Instructions for the task »
Copy out each line in the listing below where the word "Hexp" appears.

Input data »
══════════

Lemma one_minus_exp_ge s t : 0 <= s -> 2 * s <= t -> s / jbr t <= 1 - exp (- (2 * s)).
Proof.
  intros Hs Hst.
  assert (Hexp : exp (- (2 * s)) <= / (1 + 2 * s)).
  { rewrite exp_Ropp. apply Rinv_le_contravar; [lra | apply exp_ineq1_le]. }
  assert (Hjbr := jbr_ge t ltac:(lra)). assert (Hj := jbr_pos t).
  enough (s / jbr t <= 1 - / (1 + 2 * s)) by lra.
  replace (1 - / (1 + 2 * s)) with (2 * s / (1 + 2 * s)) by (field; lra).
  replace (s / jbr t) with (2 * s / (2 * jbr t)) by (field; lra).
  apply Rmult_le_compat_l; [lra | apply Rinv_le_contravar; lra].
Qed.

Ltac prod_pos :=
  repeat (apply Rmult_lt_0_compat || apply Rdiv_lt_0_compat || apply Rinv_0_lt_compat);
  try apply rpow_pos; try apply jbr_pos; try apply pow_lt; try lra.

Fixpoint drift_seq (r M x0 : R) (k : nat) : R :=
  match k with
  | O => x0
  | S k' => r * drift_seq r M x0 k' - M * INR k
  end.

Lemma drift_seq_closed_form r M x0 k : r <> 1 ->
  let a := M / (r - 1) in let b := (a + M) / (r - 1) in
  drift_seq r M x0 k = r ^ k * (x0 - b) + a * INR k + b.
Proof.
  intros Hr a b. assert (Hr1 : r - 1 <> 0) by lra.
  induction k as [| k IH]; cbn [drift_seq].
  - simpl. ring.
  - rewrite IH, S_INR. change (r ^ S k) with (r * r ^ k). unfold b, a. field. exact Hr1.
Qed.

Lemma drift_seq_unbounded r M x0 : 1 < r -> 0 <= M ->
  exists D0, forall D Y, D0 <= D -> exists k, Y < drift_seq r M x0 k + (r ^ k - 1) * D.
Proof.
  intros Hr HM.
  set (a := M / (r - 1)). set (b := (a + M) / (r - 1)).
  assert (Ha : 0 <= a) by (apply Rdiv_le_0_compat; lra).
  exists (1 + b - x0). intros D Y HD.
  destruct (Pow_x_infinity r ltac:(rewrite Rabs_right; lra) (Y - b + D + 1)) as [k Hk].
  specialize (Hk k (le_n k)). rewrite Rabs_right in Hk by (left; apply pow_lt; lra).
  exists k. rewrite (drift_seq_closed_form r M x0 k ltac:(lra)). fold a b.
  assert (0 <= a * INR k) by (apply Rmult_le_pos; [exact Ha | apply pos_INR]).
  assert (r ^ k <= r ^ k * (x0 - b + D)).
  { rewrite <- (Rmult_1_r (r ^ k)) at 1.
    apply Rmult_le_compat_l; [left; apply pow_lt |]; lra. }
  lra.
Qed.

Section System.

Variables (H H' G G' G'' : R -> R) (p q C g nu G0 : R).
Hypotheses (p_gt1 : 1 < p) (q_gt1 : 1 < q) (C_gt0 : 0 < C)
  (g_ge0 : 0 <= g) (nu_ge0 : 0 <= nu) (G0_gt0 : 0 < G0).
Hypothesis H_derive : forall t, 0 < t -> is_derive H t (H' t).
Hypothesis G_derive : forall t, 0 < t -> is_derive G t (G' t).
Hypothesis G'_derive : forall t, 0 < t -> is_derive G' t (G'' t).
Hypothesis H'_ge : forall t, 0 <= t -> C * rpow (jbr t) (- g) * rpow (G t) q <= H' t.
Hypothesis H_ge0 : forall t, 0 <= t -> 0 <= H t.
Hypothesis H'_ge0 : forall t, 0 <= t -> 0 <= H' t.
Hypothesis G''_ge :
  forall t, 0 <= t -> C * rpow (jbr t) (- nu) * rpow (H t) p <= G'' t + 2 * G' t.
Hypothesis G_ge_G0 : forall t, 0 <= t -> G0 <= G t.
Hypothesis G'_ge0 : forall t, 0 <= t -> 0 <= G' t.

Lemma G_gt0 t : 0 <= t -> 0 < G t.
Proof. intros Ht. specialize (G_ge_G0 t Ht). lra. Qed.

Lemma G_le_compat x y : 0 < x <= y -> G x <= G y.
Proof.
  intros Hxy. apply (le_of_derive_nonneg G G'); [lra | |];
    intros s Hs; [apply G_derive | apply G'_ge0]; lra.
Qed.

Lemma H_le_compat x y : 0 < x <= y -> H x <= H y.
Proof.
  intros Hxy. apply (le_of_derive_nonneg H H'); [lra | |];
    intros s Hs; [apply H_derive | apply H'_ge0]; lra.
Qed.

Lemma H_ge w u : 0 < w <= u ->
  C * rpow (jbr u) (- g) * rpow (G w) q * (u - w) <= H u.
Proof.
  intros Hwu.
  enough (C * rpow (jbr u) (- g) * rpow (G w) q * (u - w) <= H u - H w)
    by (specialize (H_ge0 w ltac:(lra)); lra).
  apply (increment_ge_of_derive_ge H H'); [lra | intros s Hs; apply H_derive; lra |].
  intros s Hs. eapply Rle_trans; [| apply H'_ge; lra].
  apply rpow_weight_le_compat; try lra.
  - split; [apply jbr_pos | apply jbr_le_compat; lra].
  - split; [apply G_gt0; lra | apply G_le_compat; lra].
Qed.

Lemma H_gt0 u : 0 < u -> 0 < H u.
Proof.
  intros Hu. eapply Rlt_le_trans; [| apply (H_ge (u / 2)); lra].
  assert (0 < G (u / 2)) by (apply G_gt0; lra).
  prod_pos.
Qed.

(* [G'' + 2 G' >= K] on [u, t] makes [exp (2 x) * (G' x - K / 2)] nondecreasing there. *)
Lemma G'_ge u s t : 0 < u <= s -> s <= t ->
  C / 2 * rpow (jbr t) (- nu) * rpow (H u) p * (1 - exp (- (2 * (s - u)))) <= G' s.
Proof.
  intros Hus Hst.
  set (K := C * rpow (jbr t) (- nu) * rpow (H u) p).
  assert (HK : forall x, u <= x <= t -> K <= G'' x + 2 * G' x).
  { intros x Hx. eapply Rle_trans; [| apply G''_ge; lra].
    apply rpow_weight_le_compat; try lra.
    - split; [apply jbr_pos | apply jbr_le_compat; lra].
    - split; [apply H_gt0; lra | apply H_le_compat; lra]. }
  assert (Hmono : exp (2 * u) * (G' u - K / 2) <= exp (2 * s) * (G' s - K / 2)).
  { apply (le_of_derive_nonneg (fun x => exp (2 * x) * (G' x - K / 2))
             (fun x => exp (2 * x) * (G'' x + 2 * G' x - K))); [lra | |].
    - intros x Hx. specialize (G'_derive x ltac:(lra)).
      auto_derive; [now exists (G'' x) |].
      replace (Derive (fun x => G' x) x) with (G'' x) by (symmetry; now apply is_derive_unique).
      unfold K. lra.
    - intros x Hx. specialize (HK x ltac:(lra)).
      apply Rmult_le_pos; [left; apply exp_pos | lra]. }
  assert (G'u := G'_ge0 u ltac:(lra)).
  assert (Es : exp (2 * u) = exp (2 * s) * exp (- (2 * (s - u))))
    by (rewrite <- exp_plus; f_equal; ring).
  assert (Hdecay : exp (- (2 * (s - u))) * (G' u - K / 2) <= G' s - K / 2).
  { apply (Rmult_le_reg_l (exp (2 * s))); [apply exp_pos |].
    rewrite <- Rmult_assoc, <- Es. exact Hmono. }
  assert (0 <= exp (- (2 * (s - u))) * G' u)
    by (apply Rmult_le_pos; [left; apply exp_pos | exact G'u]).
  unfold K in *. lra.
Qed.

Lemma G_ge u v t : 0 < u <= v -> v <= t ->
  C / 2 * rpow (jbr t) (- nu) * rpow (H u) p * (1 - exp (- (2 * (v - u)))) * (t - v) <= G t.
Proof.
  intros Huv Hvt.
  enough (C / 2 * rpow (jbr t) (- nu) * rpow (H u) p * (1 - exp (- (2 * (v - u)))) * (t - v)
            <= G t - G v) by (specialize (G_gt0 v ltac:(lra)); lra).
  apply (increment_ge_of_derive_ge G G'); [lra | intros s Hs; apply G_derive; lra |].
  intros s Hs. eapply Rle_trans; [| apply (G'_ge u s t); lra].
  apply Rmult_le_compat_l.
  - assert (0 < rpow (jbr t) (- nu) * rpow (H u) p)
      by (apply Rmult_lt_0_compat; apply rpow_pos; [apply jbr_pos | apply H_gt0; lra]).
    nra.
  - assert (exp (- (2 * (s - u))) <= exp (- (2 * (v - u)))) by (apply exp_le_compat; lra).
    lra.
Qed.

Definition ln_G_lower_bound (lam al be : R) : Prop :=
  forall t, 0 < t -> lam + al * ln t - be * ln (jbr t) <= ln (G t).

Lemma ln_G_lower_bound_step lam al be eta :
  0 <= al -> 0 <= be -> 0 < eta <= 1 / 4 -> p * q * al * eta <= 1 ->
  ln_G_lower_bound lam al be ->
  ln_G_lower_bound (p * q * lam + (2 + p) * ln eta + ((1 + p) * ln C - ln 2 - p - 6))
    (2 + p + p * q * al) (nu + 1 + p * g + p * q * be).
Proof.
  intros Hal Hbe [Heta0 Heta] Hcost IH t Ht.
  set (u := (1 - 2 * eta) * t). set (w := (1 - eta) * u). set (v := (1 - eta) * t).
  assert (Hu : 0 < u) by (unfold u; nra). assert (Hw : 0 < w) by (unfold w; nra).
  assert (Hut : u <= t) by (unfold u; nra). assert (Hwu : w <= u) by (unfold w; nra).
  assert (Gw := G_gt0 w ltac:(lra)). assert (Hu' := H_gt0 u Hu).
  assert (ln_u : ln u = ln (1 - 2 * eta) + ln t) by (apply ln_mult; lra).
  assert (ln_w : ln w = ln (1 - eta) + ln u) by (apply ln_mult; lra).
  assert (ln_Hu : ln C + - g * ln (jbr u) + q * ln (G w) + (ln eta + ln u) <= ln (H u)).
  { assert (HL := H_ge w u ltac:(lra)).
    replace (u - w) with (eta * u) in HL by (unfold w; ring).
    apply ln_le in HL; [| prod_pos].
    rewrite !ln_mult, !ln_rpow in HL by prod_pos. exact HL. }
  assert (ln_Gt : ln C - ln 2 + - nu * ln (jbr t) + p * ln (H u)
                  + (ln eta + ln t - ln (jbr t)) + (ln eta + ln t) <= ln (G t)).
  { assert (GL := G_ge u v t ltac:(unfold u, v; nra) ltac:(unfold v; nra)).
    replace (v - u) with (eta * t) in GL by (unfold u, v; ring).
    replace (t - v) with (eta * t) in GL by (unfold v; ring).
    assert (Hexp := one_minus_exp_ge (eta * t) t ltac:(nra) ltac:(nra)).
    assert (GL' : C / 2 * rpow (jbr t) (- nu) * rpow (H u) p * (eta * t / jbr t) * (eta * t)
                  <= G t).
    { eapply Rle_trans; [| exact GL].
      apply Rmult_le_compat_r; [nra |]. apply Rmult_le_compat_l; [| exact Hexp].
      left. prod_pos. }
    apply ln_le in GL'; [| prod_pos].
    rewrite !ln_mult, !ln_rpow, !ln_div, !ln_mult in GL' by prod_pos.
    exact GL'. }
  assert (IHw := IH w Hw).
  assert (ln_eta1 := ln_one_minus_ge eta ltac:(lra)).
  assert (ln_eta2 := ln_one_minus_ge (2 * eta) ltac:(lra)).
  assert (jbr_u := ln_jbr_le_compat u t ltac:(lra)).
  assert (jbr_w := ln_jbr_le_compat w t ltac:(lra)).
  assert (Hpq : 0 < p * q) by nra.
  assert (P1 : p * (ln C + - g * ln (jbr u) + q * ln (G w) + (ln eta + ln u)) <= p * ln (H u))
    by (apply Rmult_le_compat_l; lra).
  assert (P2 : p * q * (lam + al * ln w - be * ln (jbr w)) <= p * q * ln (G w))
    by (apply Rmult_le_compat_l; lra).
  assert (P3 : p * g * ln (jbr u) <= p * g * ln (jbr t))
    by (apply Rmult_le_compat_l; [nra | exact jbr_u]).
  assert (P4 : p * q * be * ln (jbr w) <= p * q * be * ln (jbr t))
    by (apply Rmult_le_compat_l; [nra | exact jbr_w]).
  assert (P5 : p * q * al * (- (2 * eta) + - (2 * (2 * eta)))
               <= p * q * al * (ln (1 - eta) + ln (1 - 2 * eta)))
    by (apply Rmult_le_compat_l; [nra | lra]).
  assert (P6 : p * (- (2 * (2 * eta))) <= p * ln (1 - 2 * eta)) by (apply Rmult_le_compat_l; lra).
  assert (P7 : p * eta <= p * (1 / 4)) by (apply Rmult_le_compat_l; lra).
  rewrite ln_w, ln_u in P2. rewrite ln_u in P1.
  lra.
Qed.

══════════

Exercise result »
  assert (Hexp : exp (- (2 * s)) <= / (1 + 2 * s)).
    assert (Hexp := one_minus_exp_ge (eta * t) t ltac:(nra) ltac:(nra)).
      apply Rmult_le_compat_r; [nra |]. apply Rmult_le_compat_l; [| exact Hexp].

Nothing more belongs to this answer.